An angry mob hurled abuse at pro-life students in Manchester, yet Christians are arrested for praying silently outside abortion clinics. It’s not OK, says Roger Kiska


Source: Right to Life UK / Facebook

On 29 February, Tke Media posted a shocking video on social media. It showed pro-life students at the University of Manchester being physically and verbally assaulted by what can only be described as a mob of protesters.

The pro-life group was guilty of nothing more than peacefully meeting, as any other society might, on their university campus. Yet a crowd of approximately 250 people surrounded the building and had to be held back by police as members of the pro-life society entered and exited.

Inge Botha, a first year student who attended the meeting, later told GB News that she was told to “get raped” by a man in the crowd. Eggs were thrown, and Botha described ”a wall of people screaming at us. It was so loud that it made your ears ring. The protesters got right up in our faces with their hands and faces, screaming insults and making terrible threats.”

Double standards

As someone who, on behalf of the Christian Legal Centre, has provided legal support to a number of pro-life societies and organisations, I have seen just how abused pro-lifers are in this country.

In one case I worked on, a pro-life society was sanctioned by the Students’ Union for pro-life Instagram posts they made. Yet members of the Students’ Union executive management committee posted vitriol directed at the pro-life society on X (formerly Twitter) and participated in petitions to have them removed from campus. The former SU equality and diversity director went as far as to tweet that, if she did not completely get her rights, she would go “cut a b*tch” and then called on others to take action as well.

In another case, a Students’ Union passed a resolution banning all pro-life activity on campus, making it impossible for the campus pro-life society to register. This was only resolved after legal action was taken. Members were heckled when they attended a SU meeting and called “rapist apologists”.

Yet, ironically, it is pro-life campaigners who are subject to the harshest restrictions on their rights to peacefully protest. Buffer zones have been established around abortion clinics in several locations throughout the UK, prohibiting even silent prayer.

No matter how radical the agenda, no one really seems to bat an eye. Take Stella Creasy’s recently tabled amendment to the Criminal Justice Bill, which seeks to decriminalise abortion up to the moment of birth. The amendment, if passed, will make it legal for a woman to hide the fact that she has disposed of her live, born child. 

Human rights

The right to protest abortion and meet as an association to further that goal is a human right recognised under the European Convention on Human Rights, which is binding on the UK. The settled case-law of the European Court of Human Rights has been clear that abortion is not a human right.

Pro-life members were heckled and called “rapist apologists”

While abortion has recently become a constitutional right in France, this is far from creating a human right to abortion.

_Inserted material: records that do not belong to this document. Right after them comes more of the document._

(* Let $X$ be a Hermitian $d\times d$ matrix of rank $2$. Then $$\frac{24\,\|X\|_1^2\,\mathrm{tr}\big(P_{\mathrm{Sym}^4}X^{\otimes4}\big)}{\big(\|X\|_2^2+\mathrm{tr}(X)^2\big)^3}\le\frac5{81}\big(95+32\sqrt{10}\big)\approx12.1107 .$$ If in addition $\mathrm{tr}(X)=0$, the left-hand side equals $12$.
   Context: $P_{\mathrm{Sym}^4}$ is the orthogonal projector onto the totally symmetric subspace of $(\mathbb{C}^d)^{\otimes 4}$. $\|\cdot\|_1$, $\|\cdot\|_2$ are the trace norm and Hilbert–Schmidt norm. *)

(* Scalars: an arbitrary numClosedFieldType C (e.g. algC, a model of the complex numbers). *)
From HB Require Import structures.
From mathcomp Require Import all_boot all_order all_algebra all_fingroup.
Set Implicit Arguments. Unset Strict Implicit. Unset Printing Implicit Defensive.
Import Order.TTheory GRing.Theory Num.Theory.
Local Open Scope ring_scope.

Section QDefs.
Variable C : numClosedFieldType.

Definition adjmx m n (A : 'M[C]_(m, n)) : 'M[C]_(n, m) := (map_mx Num.conj A)^T.

Definition is_hermitian n (X : 'M[C]_n) : Prop := adjmx X = X.

(* Schatten norms: singular values = square roots of the eigenvalues of X^* X
   (X^* X is normal, so spectral_diag gives its eigenvalues with multiplicity). *)
Definition trace_norm n (X : 'M[C]_n) : C :=
  \sum_(i < n) sqrtC ((spectral_diag (adjmx X *m X)) 0 i).

Definition hs_norm n (X : 'M[C]_n) : C := sqrtC (\tr (adjmx X *m X)).

(* (C^d)^{\otimes 4}: basis indexed by multi-indices 'I_4 -> 'I_d. Operators are
   matrices indexed by this finite type. *)
Definition mi (d : nat) := {ffun 'I_4 -> 'I_d}.

Definition tensor4 d (X : 'M[C]_d) (i j : mi d) : C := \prod_(k < 4) X (i k) (j k).

(* permutation operator W_s : e_{j_1}⊗...⊗e_{j_4} |-> tensor factor k moved to slot s k,
   i.e. <i| W_s |j> = [i = j ∘ s^{-1}] *)
Definition permop d (s : 'S_4) (i j : mi d) : C :=
  (i == [ffun k => j ((s^-1)%g k)])%:R.

Definition PSym4 d (i j : mi d) : C := (4`!%:R)^-1 * \sum_(s : 'S_4) permop s i j.

Definition tr4 d (A B : mi d -> mi d -> C) : C := \sum_(i : mi d) \sum_(j : mi d) A i j * B j i.
Lemma card_subspaces_between (B A : 'M[F]_n) k (P : pred 'M[F]_n) :
  (B <= A)%MS ->
  (#|[set H in subspaces_between B A (\rank B + k) | P H]|
     * qprod (\rank B + k) (\rank B) k
   = #|[set X in ext_rows A B k | P <<(B + X)%MS>>%MS]|)%N.
Proof.
move=> sBA; rewrite -sum_nat_const -[RHS]sum1_card.
rewrite [RHS](partition_big (fun X => <<(B + X)%MS>>%MS)
  (fun H => H \in [set H in subspaces_between B A (\rank B + k) | P H])); last first.
  move=> X; rewrite !inE => /andP[/andP[sXA rX] PX].
  by rewrite /is_subspace genmx_id eqxx mxrank_gen !genmxE addsmxSl addsmx_sub sBA sXA rX PX.
apply: eq_bigr => H; rewrite !inE => /andP[/and4P[sH sBH sHA /eqP rH] PH].
rewrite -rH -card_ext_rows // -sum1_card; apply: eq_bigl => X; rewrite !inE.
apply/idP/idP => [/andP[sXH rX]|/andP[/andP[/andP[_ rX] _] /eqP <-]].
  have eH : <<(B + X)%MS>>%MS = H.
    by apply: genmx_subspace_sub; rewrite ?addsmx_sub ?sBH // (eqP rX) rH.
  by rewrite (submx_trans sXH sHA) rX eH PH eqxx.
by rewrite genmxE addsmxSr rX.
Qed.

Lemma card_subspaces (A : 'M[F]_n) (k : nat) :
  (#|subspaces_between 0 A k| * qprod k 0 k = qprod (\rank A) 0 k)%N.
Proof.
have := card_subspaces_between k predT (sub0mx n A).
rewrite mxrank0 add0n -(mxrank0 F n n) -card_ext_rows ?sub0mx //.
have -> : [set H in subspaces_between 0 A k | predT H] = subspaces_between 0 A k.
  by apply/setP => H; rewrite !inE andbT.
by move=> ->; apply: eq_card => X; rewrite !inE andbT.
Qed.

Lemma card_subspaces_avoiding (G U : 'M[F]_n) (x : 'rV[F]_n) m :
  (U + x <= G)%MS -> ~~ (x <= U)%MS -> \rank G = (\rank U + m).+1 ->
  #|[set H in subspaces_between U G (\rank U + m) | ~~ (x <= H)%MS]| = (q ^ m)%N.
Proof.
move=> sUxG xU rG; have sUG := submx_trans (addsmxSl U x) sUxG.
have := card_subspaces_between m (fun H => ~~ (x <= H)%MS) sUG.
have -> : [set X in ext_rows G U m | ~~ (x <= <<(U + X)%MS>>)%MS]
          = ext_rows G (U + x)%MS m.
  apply/setP => X; rewrite !inE genmxE.
  have rank_UX : (\rank (U + X)%MS <= \rank U + m)%N.
    by apply: leq_trans (mxrank_adds_leqif U X) _; rewrite leq_add2l rank_leq_row.
  rewrite -addsmxA (addsmxC x X) addsmxA !mxrank_adds_rV xU.
  case: (X <= G)%MS; case: (x <= U + X)%MS; rewrite /= ?andbF ?andbT //;
    [apply/esym/negbTE/eqP | apply/eqP/eqP]; lia.
rewrite (@card_ext_rows G (U + x)%MS m) // rG mxrank_adds_rV xU addn1 qprodSS.
by move/eqP; rewrite eqn_pmul2r ?qprod_gt0 // => /eqP.
Qed.

End RowSpaceCounting.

Abortion laws change as societies and governments change. By way of example, abortion was a constitutional right in the United States for almost 50 years, until in 2022 the Supreme Court overruled Roe v Wade, and abortion lost its constitutional protection.

Peaceful protest

It is valid to believe that life begins at the moment of conception. It is of profound importance to many people to have and express this belief through peaceful protest and prayer. It is unthinkable that we would regulate manifestations of such deeply held beliefs for any other aspect of society. I doubt that, at any time in the near future, there will be PSPOs set up around fast food restaurants to keep away animal rights activists. Nor will there be PSPOs around petrol stations to keep out climate activists.

The settled case-law of the European Court of Human Rights is clear: abortion is not a human right

As a nation, we need to have serious conversations about the double standards being applied to different classes of people, based on their beliefs. No democracy should tolerate the removal of rights from one class of people based on their beliefs, while allowing mob rule to reign on the other side of the belief spectrum.

The unborn child cannot speak for itself. We need to live in a society with the tolerance and values to allow others to speak up in the unborn child’s defence without fear of being arrested or publicly attacked.